Mark, Very good questions. The legal fence size used in Southern Africa to identify property and to control game movement is two meters.  That is about 6.5 foot high.  Because of uneven ground and other obstructions it's typically closer to 7 foot above ground but with steep ground on one side of the fence or the other it could be more or less.

Yes, as I stated B&C will not allow entry of game from a "high fence" operation regarldess of size. However as I also stated the public hunting land in Or. has a completely fenced area by the state with a limited entry open elk season within this area. Those elk would be killed on public land during open season within the law. They would be allowed into the book yet the area is fenced.

SE Alaska islands are all fenced by the ocean just as the islands in Puget sound. The animals are completely trapped on property much smaller than the property of some Texas hunting ranches which are high fenced.  Consider also that a cougar or bear in  a tree is captured and contained by the dogs. Yet it's allowed to be shot and entered into the books.  I'm sorry but I don't see the equal ethical standard between hunting a free roaming deer on ten thousand acres in Texas being less ethical  then shooting a captured animal from a tree.

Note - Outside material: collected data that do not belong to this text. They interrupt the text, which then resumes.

(* Let $n\ge r\ge1$, let $\mathcal{O}\subset\mathbb{R}^{n\times r}$ be open with ${\rm St}(n,r)\subset\mathcal{O}$, let $f:\mathcal{O}\to\mathbb{R}$ be continuously differentiable, and consider (P): $\min_{X\in\mathcal{S}_{+}^{n,r}}f(X)$. Suppose that every global (respectively, local) minimizer of (P) has no zero rows when $n>r>1$, and that for every global (respectively, local) minimizer $X^*$ of (P) there exist $\delta'>0$ and $L'>0$ such that for all $X\in{\rm St}(n,r)$ with $\|X-X^*\|_F\le\delta'$ and all $\overline{X}\in{\rm Proj}_{\mathcal{S}_{+}^{n,r}}(X)$, $f(X)-f(\overline{X})\ge-L'\|X-\overline{X}\|_F^2$. Then for every global (respectively, local) minimizer $X^*$ of (P): 1. if $n=r$ or $n>r=1$, with $\kappa'>0$ a constant such that ${\rm dist}(Z,\mathcal{S}_{+}^{n,r})\le\kappa'{\rm dist}(Z,\mathbb{R}_{+}^{n\times r})$ for all $Z\in{\rm St}(n,r)$, there exists $\delta>0$ such that for all $X\in{\rm St}(n,r)$ with $\|X-X^*\|_F\le\delta$, $f(X)-f(X^* )+(\kappa')^2L'\|\max(0,-X)\|_F^2\ge0$; 2. if $n>r>1$, with $\kappa:=\frac{2.1\sqrt{r}[1+3r(n-r)]}{X^*_{i^*j^*}}$ ($X^*_{i^*j^*}$ the smallest nonzero entry of $X^*$), there exists $\delta>0$ such that for all $\epsilon\ge0$ and all $X\in\mathcal{G}_\epsilon:=\{X\in{\rm St}(n,r):\|\max(0,-X)\|_F^2=\epsilon\}$ with $\|X-X^*\|_F\le\delta$, $f(X)-f(X^* )+\kappa^2L'\|\max(0,-X)\|_F^2\ge0$. Consequently, there exists $\widehat{\rho}>0$ such that for every $\rho\ge\widehat{\rho}$ the problem $\min_{X\in{\rm St}(n,r)}\{f(X)+\rho\|\max(0,-X)\|_F^2\}$ has the same set of global optimal solutions as (P).
   Context: ${\rm St}(n,r):=\{X\in\mathbb{R}^{n\times r}: X^\top X=I_r\}$, $\mathbb{R}_{+}^{n\times r}$ the entrywise nonnegative matrices, $\mathcal{S}_{+}^{n,r}:=\mathbb{R}_{+}^{n\times r}\cap{\rm St}(n,r)$, ${\rm dist}$ the Frobenius-norm distance, ${\rm Proj}_\Omega(X)$ the set of nearest points of $\Omega$ to $X$; $\max(0,-X)$ is taken entrywise. *)

From HB Require Import structures.
From mathcomp Require Import all_boot all_order all_algebra.
From mathcomp Require Import all_classical all_reals.
Set Implicit Arguments. Unset Strict Implicit. Unset Printing Implicit Defensive.
Import Order.TTheory GRing.Theory Num.Theory.
Local Open Scope ring_scope.
Local Open Scope classical_set_scope.

Section Defs.
Variable R : realType.
Variables n r : nat.
Local Notation M := 'M[R]_(n, r).

Definition fnorm (X : M) : R := Num.sqrt (\sum_i \sum_j (X i j) ^+ 2).
Definition frob_inner (X Y : M) : R := \sum_i \sum_j X i j * Y i j.

Definition stiefel : set M := [set X | X^T *m X = 1%:M].
Definition nonneg_mx : set M := [set X | forall i j, 0 <= X i j].
Definition stiefel_nonneg : set M := nonneg_mx `&` stiefel.

Definition negpart (X : M) : M := map_mx (fun x => Num.max 0 (- x)) X.

Definition mdist (Z : M) (S : set M) : R := inf [set fnorm (Z - W) | W in S].

Definition proj (S : set M) (X : M) : set M :=
  [set Y | S Y /\ forall W, S W -> fnorm (X - Y) <= fnorm (X - W)].

Definition open_fro (O : set M) : Prop :=
  forall X, O X -> exists2 e : R, 0 < e & forall Y, fnorm (Y - X) < e -> O Y.

Definition C1_on (O : set M) (f : M -> R) : Prop :=
  exists G : M -> M,
    (forall X, O X -> forall e : R, 0 < e -> exists2 d : R, 0 < d &
       forall H, fnorm H < d ->
         `|f (X + H) - f X - frob_inner (G X) H| <= e * fnorm H) /\
    (forall X, O X -> forall e : R, 0 < e -> exists2 d : R, 0 < d &
       forall Y, O Y -> fnorm (Y - X) < d -> fnorm (G Y - G X) < e).

Definition is_gmin (S : set M) (g : M -> R) (X : M) : Prop :=
  S X /\ forall Y, S Y -> g X <= g Y.
Definition is_lmin (S : set M) (g : M -> R) (X : M) : Prop :=
  S X /\ exists2 e : R, 0 < e & forall Y, S Y -> fnorm (Y - X) < e -> g X <= g Y.
Definition is_min (glob : bool) (S : set M) (g : M -> R) (X : M) : Prop :=
  if glob then is_gmin S g X else is_lmin S g X.

Definition no_zero_rows (X : M) : Prop := forall i, exists j, X i j != 0.

Definition is_min_nz_entry (X : M) (m : R) : Prop :=
  (exists i j, X i j = m) /\ m != 0 /\ (forall i j, X i j != 0 -> m <= X i j).

Definition lip_cond (f : M -> R) (Xs : M) (dl L : R) : Prop :=
  forall X, stiefel X -> fnorm (X - Xs) <= dl ->
  forall Xb, proj stiefel_nonneg X Xb -> f X - f Xb >= - (L * fnorm (X - Xb) ^+ 2).

Definition level_set (eps : R) : set M :=
  [set X | stiefel X /\ fnorm (negpart X) ^+ 2 = eps].

End Defs.

From Pilot Require Import Defs.
From HB Require Import structures.
From mathcomp Require Import all_boot all_order all_algebra.
From mathcomp Require Import all_classical all_reals.
From mathcomp Require topology normedtype.
From mathcomp.algebra_tactics Require Import ring lra.
From mathcomp Require Import zify.
Import Order.TTheory GRing.Theory Num.Theory.
Local Open Scope ring_scope.
Local Open Scope classical_set_scope.

Set Implicit Arguments. Unset Strict Implicit. Unset Printing Implicit Defensive.

(* Near a minimizer [Xs] of [f] on [S+ = R+ ∩ St], the violation of
   nonnegativity controls the distance to [S+]:
   [dist(X, S+) <= K ||max(0,-X)||] for [X] in [St] close to [Xs].  Since the
   columns of [Xs] are nonnegative and orthonormal, every row of [Xs] has at
   most one nonzero entry; normalising the columns of the positive part of [X]
   restricted to this sparsity pattern gives a point of [S+] whose distance to
   [X] is bounded, through the orthogonality of the columns of [X], by the
   negative part of [X].  At a nearest point [Xb] of [S+], the assumed
   inequality [f X - f Xb >= - L ||X - Xb||^2] then gives the local penalty
   inequalities.  For the exact penalty, every point of the compact set [St]
   has a neighbourhood on which some penalty parameter works (by continuity of
   [f], by the local inequality at global minimizers, or because
   [||max(0,-X)||] is bounded below away from [R+]); compactness makes the
   parameter uniform. *)

Section frobenius.
Variables (R : realType) (n r : nat).
Local Notation M := 'M[R]_(n, r).
Implicit Types (X Y Z : M) (F G : 'I_n -> 'I_r -> R).

Lemma ler_sum2 F G : (forall i j, F i j <= G i j) ->
  \sum_i \sum_j F i j <= \sum_i \sum_j G i j.
Proof. by move=> FG; apply: ler_sum => i _; apply: ler_sum. Qed.

Lemma sum2_ge0 F : (forall i j, 0 <= F i j) -> 0 <= \sum_i \sum_j F i j.
Proof. by move=> F0; apply: sumr_ge0 => i _; apply: sumr_ge0. Qed.

Lemma sum2D F G :
  \sum_i \sum_j (F i j + G i j) = \sum_i \sum_j F i j + \sum_i \sum_j G i j.
Proof. by rewrite -big_split; apply: eq_bigr => i _; rewrite big_split. Qed.

Lemma mulr_sum2 a F : a * \sum_i \sum_j F i j = \sum_i \sum_j (a * F i j).
Proof. by rewrite mulr_sumr; apply: eq_bigr => i _; rewrite mulr_sumr. Qed.

Lemma ler_sum2_entry F i j : (forall i j, 0 <= F i j) -> F i j <= \sum_i \sum_j F i j.
Proof.
move=> F0; rewrite (bigD1 i) //= (bigD1 j) //= -addrA lerDl.
by apply: addr_ge0; [apply: sumr_ge0 | apply: sumr_ge0 => k _; apply: sumr_ge0].
Qed.

Definition fnorm2 X := \sum_i \sum_j X i j ^+ 2.

Lemma fnorm2_ge0 X : 0 <= fnorm2 X.
Proof. by apply: sum2_ge0 => i j; apply: sqr_ge0. Qed.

Getting back to Africa. The fencing used to contain plains game is for all practical purposes a non-issue when the property is big enough.  Animals will no more fight the fence to escape then they will crash into a fallen tree to get through it when they can go around it.  We found many years ago that if the property is big enough a simple wire fence will contain White Rhino and Cape buffalo or even giraffe without any trouble at all. They do not fight the fence or even consider it because there are just as many good places to eat sleep and breed within their own location.  These animals have also been born within the fence and see it as a natural barrier. Our property for example has been fenced this way on three sides for almost 80 years now.  Two sides were fenced to keep herds of game from running across the main gravel road into possible auto and truck conflicts. The third side was fenced due to an excessive poaching threat  the remainig side is open to another landowners property which is equally as large. We don't hunt that land but the game is free to move about. His property is fenced on the opposite side some  6 miles away.  So even though the game is contained completely within a fenced boundry, it's a shared resource which can move about within the land as it chooses.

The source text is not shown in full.